Lemma pstar_extremal d : extremal d pstar.
Proof.
split=> [//||i /andP[i3 _]]; first by rewrite /pstar -[(2 == 1)%N]/false eqxx sqr_sqrtr ?divr_ge0.
rewrite /pstar; have [-> ->] : (i == 1%N) = false /\ (i == 2%N) = false by case: i i3 => [|[|[|]]].
have i0 : i.-1%:R != 0 :> R by rewrite pnatr_eq0 -lt0n; case: i i3 => [|[|]].
by rewrite mulrC divfK // sqr_sqrtr ?divr_ge0.
Qed.

Lemma pstar_gt0 i : (1 <= i)%N -> 0 < pstar i.
Proof.
move=> i1; rewrite /pstar; case: eqP => // i_ne1; case: eqP => _.
  by rewrite sqrtr_gt0 divr_gt0.
by rewrite divr_gt0 ?sqrtr_gt0 ?divr_gt0 // ltr0n; case: i i1 i_ne1 => [|[|]].
Qed.

Lemma pstar_feasible d : (2 <= d)%N -> feasible d pstar.
Proof.
move=> d2; apply: extremal_feasible (pstar_extremal d) _ => // i /andP[i1 _].
exact: pstar_gt0.
Qed.

Lemma maximizer_extremal d p : (2 <= d)%N -> is_maximizer d p -> extremal d p.
Proof.
move=> d2 [hf hmax]; have [_ [p1 _]] := hf; have [pstar1 _ _] := pstar_extremal d.
have obj_ge0 : 0 <= objective d pstar.
  rewrite divr_ge0 ?exprn_ge0 ?sqrtr_ge0 // big_nat_cond prodr_ge0 // => i.
  by case/andP=> /andP[i1 _] _; exact/ltW/pstar_gt0.
apply: score_ge_extremal => //.
rewrite -(extremal_score d2 (pstar_extremal d)).
rewrite -(objective_sq_scaled d2 p1) -(objective_sq_scaled d2 pstar1).
apply: ler_wpM2r; first by rewrite mulr_ge0 ?sqr_ge0 ?exprn_ge0.
by rewrite !expr2; apply: ler_pM => //; apply: hmax; apply: pstar_feasible.
Qed.

End Maximizer.

Theorem corollary1 (R : realType) (d : nat) (p : nat -> R) :
  (2 <= d)%N -> is_maximizer d p ->
  exists k : nat,
    [/\ (2 <= k <= d)%N,
        Dk d k p = Dk d 1 p /\ Dk d 1 p = Dmax d p,
        (forall k' : nat, (2 <= k' <= d)%N ->
            Dk d k' p = Dk d 1 p -> Dk d 1 p = Dmax d p -> k' = k) &
        (forall j : nat, (2 <= j <= d)%N ->
           p j = (if (j < k)%N then
                    Num.sqrt 2 * Dk d k p / (j.-1%:R * Num.sqrt (d%:R * k%:R))
                    * Num.sqrt ((2 * k%:R - 1) / (k%:R - 1))
                  else if j == k then
                    Dk d k p / Num.sqrt (d%:R * k%:R)
                  else
                    Dk d k p / (j.-1%:R * Num.sqrt d%:R)))].
Proof.
move=> d2 hmax; have ext := maximizer_extremal d2 hmax; have [[ppos _] _] := hmax.
exists 2%N; split=> //.
- by rewrite extremal_Dk2 // extremal_Dmax.
- move=> k /andP[k2 kd] Dk_eq _; apply/eqP; rewrite eqn_leq k2 andbT leqNgt.
  apply/negP => k3; have k_ge3 : (3 <= k <= d)%N by rewrite k3 kd.
  by have := extremal_Dk_sq_lt d2 ext k_ge3; rewrite Dk_eq ltxx.
- move=> j /andP[j2 jd]; rewrite ltnNge j2 /=.
  have pj_pos : 0 < p j by apply: ppos; rewrite jd (ltnW j2).
  case: eqP => [j_eq2 | /eqP j_ne2]; first by subst j; exact: (extremal_q2 d2 ext pj_pos).
  have j3 : (3 <= j <= d)%N by rewrite jd ltn_neqAle eq_sym j_ne2 j2.
  exact: (extremal_qj d2 ext j3 pj_pos).
Qed.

● ● ● ● ●

A verbatim copy of all the entries is the expected result.

Lemma pstar_extremal d : extremal d pstar.
Proof.
split=> [//||i /andP[i3 _]]; first by rewrite /pstar -[(2 == 1)%N]/false eqxx sqr_sqrtr ?divr_ge0.
rewrite /pstar; have [-> ->] : (i == 1%N) = false /\ (i == 2%N) = false by case: i i3 => [|[|[|]]].
have i0 : i.-1%:R != 0 :> R by rewrite pnatr_eq0 -lt0n; case: i i3 => [|[|]].
by rewrite mulrC divfK // sqr_sqrtr ?divr_ge0.
Qed.

Lemma pstar_gt0 i : (1 <= i)%N -> 0 < pstar i.
Proof.
move=> i1; rewrite /pstar; case: eqP => // i_ne1; case: eqP => _.
  by rewrite sqrtr_gt0 divr_gt0.
by rewrite divr_gt0 ?sqrtr_gt0 ?divr_gt0 // ltr0n; case: i i1 i_ne1 => [|[|]].
Qed.

Lemma pstar_feasible d : (2 <= d)%N -> feasible d pstar.
Proof.
move=> d2; apply: extremal_feasible (pstar_extremal d) _ => // i /andP[i1 _].
exact: pstar_gt0.
Qed.

Lemma maximizer_extremal d p : (2 <= d)%N -> is_maximizer d p -> extremal d p.
Proof.
move=> d2 [hf hmax]; have [_ [p1 _]] := hf; have [pstar1 _ _] := pstar_extremal d.
have obj_ge0 : 0 <= objective d pstar.
  rewrite divr_ge0 ?exprn_ge0 ?sqrtr_ge0 // big_nat_cond prodr_ge0 // => i.
  by case/andP=> /andP[i1 _] _; exact/ltW/pstar_gt0.
apply: score_ge_extremal => //.
rewrite -(extremal_score d2 (pstar_extremal d)).
rewrite -(objective_sq_scaled d2 p1) -(objective_sq_scaled d2 pstar1).
apply: ler_wpM2r; first by rewrite mulr_ge0 ?sqr_ge0 ?exprn_ge0.
by rewrite !expr2; apply: ler_pM => //; apply: hmax; apply: pstar_feasible.
Qed.

End Maximizer.

Theorem corollary1 (R : realType) (d : nat) (p : nat -> R) :
  (2 <= d)%N -> is_maximizer d p ->
  exists k : nat,
    [/\ (2 <= k <= d)%N,
        Dk d k p = Dk d 1 p /\ Dk d 1 p = Dmax d p,
        (forall k' : nat, (2 <= k' <= d)%N ->
            Dk d k' p = Dk d 1 p -> Dk d 1 p = Dmax d p -> k' = k) &
        (forall j : nat, (2 <= j <= d)%N ->
           p j = (if (j < k)%N then
                    Num.sqrt 2 * Dk d k p / (j.-1%:R * Num.sqrt (d%:R * k%:R))
                    * Num.sqrt ((2 * k%:R - 1) / (k%:R - 1))
                  else if j == k then
                    Dk d k p / Num.sqrt (d%:R * k%:R)
                  else
                    Dk d k p / (j.-1%:R * Num.sqrt d%:R)))].
Proof.
move=> d2 hmax; have ext := maximizer_extremal d2 hmax; have [[ppos _] _] := hmax.
exists 2%N; split=> //.
- by rewrite extremal_Dk2 // extremal_Dmax.
- move=> k /andP[k2 kd] Dk_eq _; apply/eqP; rewrite eqn_leq k2 andbT leqNgt.
  apply/negP => k3; have k_ge3 : (3 <= k <= d)%N by rewrite k3 kd.
  by have := extremal_Dk_sq_lt d2 ext k_ge3; rewrite Dk_eq ltxx.
- move=> j /andP[j2 jd]; rewrite ltnNge j2 /=.
  have pj_pos : 0 < p j by apply: ppos; rewrite jd (ltnW j2).
  case: eqP => [j_eq2 | /eqP j_ne2]; first by subst j; exact: (extremal_q2 d2 ext pj_pos).
  have j3 : (3 <= j <= d)%N by rewrite jd ltn_neqAle eq_sym j_ne2 j2.
  exact: (extremal_qj d2 ext j3 pj_pos).
Qed.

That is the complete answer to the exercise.